Comparison of different scores with PR for Epinions

For each timestamp, we first computed an authoritative score for each node according to a ranking method, and then sorted them from highest to lowest to produce a ranked list. To investigate the time evolution effect (i.e., how the authoritativeness changes over time), we compared the lists of top authoritative nodes obtained from those 5 ranking methods for several consecutive half a year. Figure 6 shows the evolution of top-500 authorities in terms of OSim and KSim. Note that the observation period starts from January 1st, 2002 until April 2nd, 2010. Hence, each point on the graph is the similarity between the ranking at that time and that of the previous half a year.

Fig. 6.
figure 6

Similarities between lists of top-500 authoritative nodes produced by the same ranking methods for consecutive years

Fig. 7.
figure 7

Average OSim, KSim and MRR values for top-25 nodes

As shown in the Fig. 6, T-PR yields OSim values of 0.819-0.845 (average 0.831) and KSim values of 0.822-0.851 (average 0.837). This implies that PR produces nearly the same rankings over the entire observation period on the experimental data set. In contrast, the consecutive rankings of TWPR, T-Rank, TimedPR, and T-PR have lower similarities because of their temporal approach. We also see that T-PR produces more similar rankings than TWPR, T-Rank and TimedPR, respectively. This phenomenon may come from the effect of the BTF and FF factors in T-PR that allow some authoritative nodes in the past to be ranked in the top authorities.

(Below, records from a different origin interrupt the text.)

Lemma exists_features_separating (a : R) n U : 0 < m -> (0 <= a <= 2)%R ->
  (forall p, p \in U -> a * INR m <= INR (hamming p.1 p.2))%R ->
  exists l : n.-tuple (feature Sg m),
    (INR #|[set p in U | ~~ separated_by l p.1 p.2]| <= (1 - a / 2) ^ n * INR #|U|)%R.
Proof.
move=> m_gt0 a_bd; elim: n U => [|n IH] U far.
  exists [tuple]; rewrite Rmult_1_l; apply/le_INR/leP/subset_leq_card/subsetP => p.
  by rewrite inE => /andP [].
have [phi shrink] := exists_feature_shrinking m_gt0 far.
have [|l small] := IH [set p in U | ~~ separates phi p.1 p.2].
  by move=> p; rewrite inE => /andP [/far].
exists [tuple of phi :: l].
have -> : [set p in U | ~~ separated_by (phi :: l) p.1 p.2] =
          [set p in [set p in U | ~~ separates phi p.1 p.2] | ~~ separated_by l p.1 p.2].
  by apply/setP => p; rewrite !inE /= negb_or andbA.
apply: Rle_trans small _; rewrite /= [(_ * _ ^ n)%R]Rmult_comm Rmult_assoc.
by apply: Rmult_le_compat_l => //; apply: pow_le; lra.
Qed.
End Features.

Section Shattering.
Variable X : finType.
Implicit Types (B : {set {ffun X -> bool}}) (S : {set X}).

Definition shatters B S : bool :=
  [forall h : {ffun X -> bool}, [exists b in B, [forall x in S, b x == h x]]].

Definition fiber B x e := [set b in B | b x == e].

Lemma shatters_set0 B b : b \in B -> shatters B set0.
Proof.
move=> bB; apply/forallP => h; apply/existsP; exists b; rewrite bB /=.
by apply/forallP => x; rewrite inE.
Qed.

Lemma shattersS B B' S : B \subset B' -> shatters B S -> shatters B' S.
Proof.
move=> sBB' /forallP shB; apply/forallP => h.
have /existsP [b /andP [bB agree]] := shB h.
by apply/existsP; exists b; rewrite (subsetP sBB').
Qed.

Lemma shatters_fiber_notin B S x e : shatters (fiber B x e) S -> x \notin S.
Proof.
move=> /forallP /(_ [ffun=> ~~ e]) /existsP [b /andP [+ /forallP agree]].
rewrite inE => /andP [_ /eqP bx]; apply/negP => xS.
by have := agree x; rewrite xS ffunE bx; case: (e).
Qed.

Lemma shatters_setU1 B x S :
  shatters (fiber B x false) S -> shatters (fiber B x true) S -> shatters B (x |: S).
Proof.
move=> sh0 sh1; apply/forallP => h.
have /existsP [b /andP [+ /forallP agree]] := forallP (if h x then sh1 else sh0) h.
rewrite inE => /andP [bB /eqP bx]; apply/existsP; exists b; rewrite bB /=.
apply/forallP => z; rewrite in_setU1; case: eqP => [->|_] /=; last exact: agree.
by move: bx; case: (h x) => ->.
Qed.

Lemma card_shatters_fibers B x :
  #|[set S | shatters (fiber B x false) S]| + #|[set S | shatters (fiber B x true) S]|
    <= #|[set S | shatters B S]|.
Proof.
set sh0 := [set S | shatters _ S]; set sh1 := [set S | shatters _ S].
have fiber_sub e : fiber B x e \subset B by apply/subsetP => b; rewrite inE => /andP [].
have notin0 S : S \in sh0 -> x \notin S by rewrite inE; apply: shatters_fiber_notin.
pose up := [set x |: S | S in sh0 :&: sh1].
have card_up : #|up| = #|sh0 :&: sh1|.
  apply: card_in_imset => S T; rewrite !in_setI => /andP [/notin0 xS _] /andP [/notin0 xT _] eqST.
  by rewrite -(setU1K xS) -(setU1K xT) eqST.
have disj : [disjoint sh0 :|: sh1 & up].
  apply/pred0P => T /=; apply/negP => /andP [S01 /imsetP [S _ defT]].
  suff : x \notin T by rewrite defT setU11.
  by case/setUP: S01; [apply: notin0|rewrite inE; apply: shatters_fiber_notin].
have sub : (sh0 :|: sh1) :|: up \subset [set S | shatters B S].
  apply/subsetP => S; rewrite !inE => /orP [/orP [] |/imsetP [T]].
  - exact: shattersS (fiber_sub false).
  - exact: shattersS (fiber_sub true).
  - by rewrite !inE => /andP [T0 T1] ->; apply: shatters_setU1.
apply: leq_trans (subset_leq_card sub).
by rewrite cardsU (disjoint_setI0 disj) cards0 subn0 card_up cardsUI.
Qed.

(* Pajor's lemma, by splitting B along a coordinate where two of its members differ. *)
Lemma card_le_shattered B : #|B| <= #|[set S | shatters B S]|.
Proof.
elim: {B}_.+1 {-2}B (ltnSn #|B|) => // n IH B; rewrite ltnS => Bn.
have [B_le1|/card_gt1P [b1 [b2 [b1B b2B neq]]]] := leqP #|B| 1.
  have [B0|[b bB]] := set_0Vmem B; first by rewrite B0 cards0.
  apply: leq_trans B_le1 _; rewrite card_gt0; apply/set0Pn; exists set0.
  by rewrite inE (shatters_set0 bB).
have [x b12x] : exists x, b1 x != b2 x.
  by apply/existsP; apply: contraNT neq => /existsPn same; apply/eqP/ffunP => x; apply/eqP/negPn.
have card_fibers : #|fiber B x false| + #|fiber B x true| = #|B|.
  rewrite -(cardsID [set b : {ffun X -> bool} | b x] B) addnC.
  by congr (_ + _); apply: eq_card => b; rewrite !inE; case: (b x); rewrite /= ?andbT ?andbF.
have fiber_gt0 e : 0 < #|fiber B x e|.
  apply/card_gt0P; have : (b1 x == e) || (b2 x == e).
    by move: b12x; case: (b1 x); case: (b2 x); case: e.
  by case/orP => ?; [exists b1 | exists b2]; rewrite inE; apply/andP.
have fiber_lt e : #|fiber B x e| < #|B|.
  rewrite -card_fibers; case: e.
    by rewrite -[X in X < _]add0n ltn_add2r fiber_gt0.
  by rewrite -[X in X < _]addn0 ltn_add2l fiber_gt0.
apply: leq_trans (card_shatters_fibers B x).
by rewrite -card_fibers leq_add // IH // (leq_trans (fiber_lt _)).
Qed.

Lemma card_small_sets (P : {set {set X}}) d :
  (forall S, S \in P -> #|S| <= d) -> #|P| <= \sum_(j < d.+1) 'C(#|X|, j).
Proof.
move=> small; apply: (@leq_trans (\sum_(S : {set X}) \sum_(j < d.+1) (#|S| == j : nat))).
  rewrite -sum1_card big_mkcond /=; apply: leq_sum => S _; case: ifP => // /small S_le.
  by rewrite (bigD1 (@Ordinal d.+1 #|S| S_le)) //= eqxx leq_addr.
by rewrite exchange_big leq_sum // => j _; rewrite sum_nat_of_bool_card card_draws.
Qed.

Lemma sauer_shelah B : B != set0 ->
  exists2 S, shatters B S & #|B| <= \sum_(j < #|S|.+1) 'C(#|X|, j).
Proof.
move=> /set0Pn [b /shatters_set0 sh0].
have [S shS maxS] := @arg_maxnP _ set0 (shatters B) (fun S => #|S|) sh0.
exists S => //; apply: leq_trans (card_le_shattered B) (card_small_sets _).
by move=> T; rewrite inE; apply: maxS.
Qed.

Lemma shatters_tuple B S : shatters B S ->
  forall t : #|S|.-tuple bool, exists2 b, b \in B & forall j, b (enum_val j) = tnth t j.
Proof.
move=> /forallP shS t; pose h := [ffun x => [exists j, (enum_val j == x) && tnth t j]].
have /existsP [b /andP [bB /forallP agree]] := shS h.
exists b => // j; have := agree (enum_val j); rewrite enum_valP ffunE => /eqP ->.
apply/existsP/idP => [[j' /andP [/eqP /enum_val_inj -> ->]] // | tj].
by exists j; rewrite eqxx.
Qed.
End Shattering.

Lemma insdel_LDC_nullary (Sg : finType) m (C : 0.-tuple bool -> m.-tuple Sg) q delta eps :
  insdel_LDC C q delta eps.
Proof.
exists (fun _ _ => [:: (1%R, Leaf Sg false)]); split; last by move=> x [].
move=> _ _; split; last by move=> p [<-|[]].
by split; [move=> p [<-|[]] /=|rewrite /sumR /=]; lra.
Qed.

Lemma insdel_LDC_of_features (Sg : finType) k m d (C : k.-tuple bool -> m.-tuple Sg)
    q delta eps (g : 'I_d -> feature Sg m) (enc : d.-tuple bool -> k.-tuple bool) :
  insdel_LCC C q delta eps ->
  (forall t j, feature_value (g j) (C (enc t)) = tnth t j) ->
  insdel_LDC (C \o enc) q delta eps.
Proof.
move=> [Dec [DecP DecC]] encP.
exists (fun m' j => dist_map (g j).2 (Dec m' (g j).1)); split.
  move=> m' j; have [dist reads] := DecP m' (g j).1.
  by split; [apply: is_dist_map | apply: reads_at_most_map].
move=> t j y close; have [[ge0 _] _] := DecP (size y) (g j).1.
by apply: Rle_trans (DecC _ _ _ close) _; rewrite -encP; apply: prob_out_map.
Qed.

Lemma INR_expn a n : INR (a ^ n) = (INR a ^ n)%R.
Proof. by elim: n => [|n IH] //; rewrite expnS mult_INR IH. Qed.

Lemma INR_subn a b : b <= a -> INR (a - b) = (INR a - INR b)%R.
Proof. by move/leP; apply: minus_INR. Qed.

Lemma exp_pow y n : (exp y ^ n = exp (INR n * y))%R.
Proof. by rewrite -Rpower_pow; [rewrite /Rpower ln_exp | apply: exp_pos]. Qed.

Lemma ln_le x y : (0 < x)%R -> (x <= y)%R -> (ln x <= ln y)%R.
Proof. by move=> x_gt0 [/(ln_increasing _ _ x_gt0)|<-]; lra. Qed.

Lemma ln_le_sub1 x : (0 < x)%R -> (ln x <= x - 1)%R.
Proof. by move=> x_gt0; have := exp_ineq1_le (ln x); rewrite exp_ln //; lra. Qed.

Lemma pow_sub_half_mul_pow4_lt1 (a : R) k M :
  (0 < a <= 2)%R -> 0 < k -> (4 * INR k / a <= INR M)%R -> ((1 - a / 2) ^ M * 4 ^ k < 1)%R.
Proof.
move=> a_bd k_gt0 Mk.
have r_le : ((1 - a / 2) ^ M <= exp (-2) ^ k)%R.
  apply: Rle_trans (pow_incr _ (exp (- (a / 2))) M _) _.
    by split; [|have := exp_ineq1_le (- (a / 2))]; lra.
  have : (4 * INR k <= INR M * a)%R.
    have := Rmult_le_compat_r a _ _ ltac:(lra) Mk.
    by rewrite /Rdiv Rmult_assoc Rinv_l; lra.
  rewrite !exp_pow => Mk_a; have : (INR M * - (a / 2) <= INR k * -2)%R by lra.
  by case/Rle_lt_or_eq_dec => [/exp_increasing|->]; lra.
have e2_gt4 : (4 < exp 2)%R.
  have e1 := exp_ineq1 1 ltac:(lra).
  by rewrite -[2%R]/(1 + 1)%R exp_plus; nra.
have four_exp2 : (0 <= 4 * exp (-2) < 1)%R.
  have := exp_pos (-2); have : (exp (-2) * exp 2 = 1)%R by rewrite -exp_plus Rplus_opp_l exp_0.
  by split; nra.
have [_ lt1] := pow_lt_1_compat _ _ four_exp2 (elimT ltP k_gt0).
have := pow_le 4 k ltac:(lra); rewrite Rpow_mult_distr in lt1; nra.
Qed.

(* [sum_(j <= d) 'C(M, j) (d / M)^d <= (1 + d / M)^M] with denominators cleared. *)
Lemma sum_binomial_mul_le M d : d <= M ->
  (\sum_(j < d.+1) 'C(M, j)) * (d ^ d * M ^ (M - d)) <= (M + d) ^ M.
Proof.
move=> dM; rewrite expnDn big_distrl /= (bigID (fun i : 'I_M.+1 => i < d.+1)) /=.
apply: leq_trans (leq_addr _ _).
rewrite (big_ord_widen _ (fun i => 'C(M, i) * (d ^ d * M ^ (M - d))) (dM : d.+1 <= M.+1)).
apply: leq_sum => i /= i_le; rewrite leq_mul2l; apply/orP; right.
have -> : M - i = (M - d) + (d - i) by rewrite addnBA ?subnK // -ltnS (leq_trans i_le).
rewrite expnD mulnC -mulnA leq_mul2l; apply/orP; right.
have -> : d ^ d = d ^ (d - i) * d ^ i by rewrite -expnD subnK // -ltnS.
rewrite leq_mul2r; apply/orP; right.
by case: (d - i) => [|e]; rewrite ?expn0 // leq_exp2r.
Qed.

We used these 5 algorithms (PR, TWPR, T-Rank, TimedPR, and T-PR) to obtain the sets of the top-25 and top-50 most highly-ranked nodes for the most popular nodes we chose from the data set. Then for each of the most popular nodes, we compared these sets of the top-25 and top-50 nodes with the sets of the top-25 and top-50 most popular nodes from Epinions.com respectively by using the aforementioned evaluation measures. Figures 7 and 8 show the average OSim, KSim and MRR values for the top-25 and top-50 rankings of these 5 different algorithms.

Fig. 8.
figure 8

Average OSim, KSim and MRR values for top-50 nodes

Table 2. Top-20 users’ different scores in Epinions

As depicted in Figs. 7 and 8, T-PR outperforms PR, TWPR, T-Rank and TimedPR in all OSim, KSim and MRR values. In the top-25 ranking, T-PR outperforms other methods by 10.8 %, 13.1 % and 12.5 % for OSim, KSim and MRR respectively. In the top-50 ranking, the corresponding percentages are 8.9 %, 11.4 %, 11.7 % respectively. Therefore, we can confirm that adopting the built-up time-length, frequency, and similarity of a node adding trust link can improve the accuracy of nodes ranking.

4.4 Case Study

In the final experiment, we want to compare the scores computed by 5 different algorithms including PR, TWPR, T-Rank, TimedPR, and T-PR(new) for Top-20 trustworthy users from Epinions.com. We select Top-20 reviewers for the most popular authors overall obtained from Epinions.com. In Table 2, we can find that our method produces a better result than others. The T-PR scores conform to the manual ranking. All scores in Table 2 is multiplied by 1000. From the Table 2, we find the PR, TWPR, T-Rank, and TimedPR values fluctuate erratically, and our method get better result than others, which proves Eq. 6 is an effective improvement of PageRank.

5 Conclusion

In this paper, we propose a novel Temporal PageRank algorithm on social networks. Three temporal factors (built-up time-length, frequency, and similarity) are used to improve PageRank so that it favor the nodes that were registered for a longer time, more frequently, and recent trust link weighed more than others. We conduct extensive experiments to evaluate the performance of T-PR. Evaluation results show that the proposed T-PR outperforms other timed PageRank algorithms significantly. Moreover, our T-PR algorithm provides most similar rankings to human beings’ preference. In our future work, we are interested in studying the effect of the time factor using other decay functions. Since social networks are multi-relational networks, we will incorporate more relations to improve the ranking of Temporal PageRank.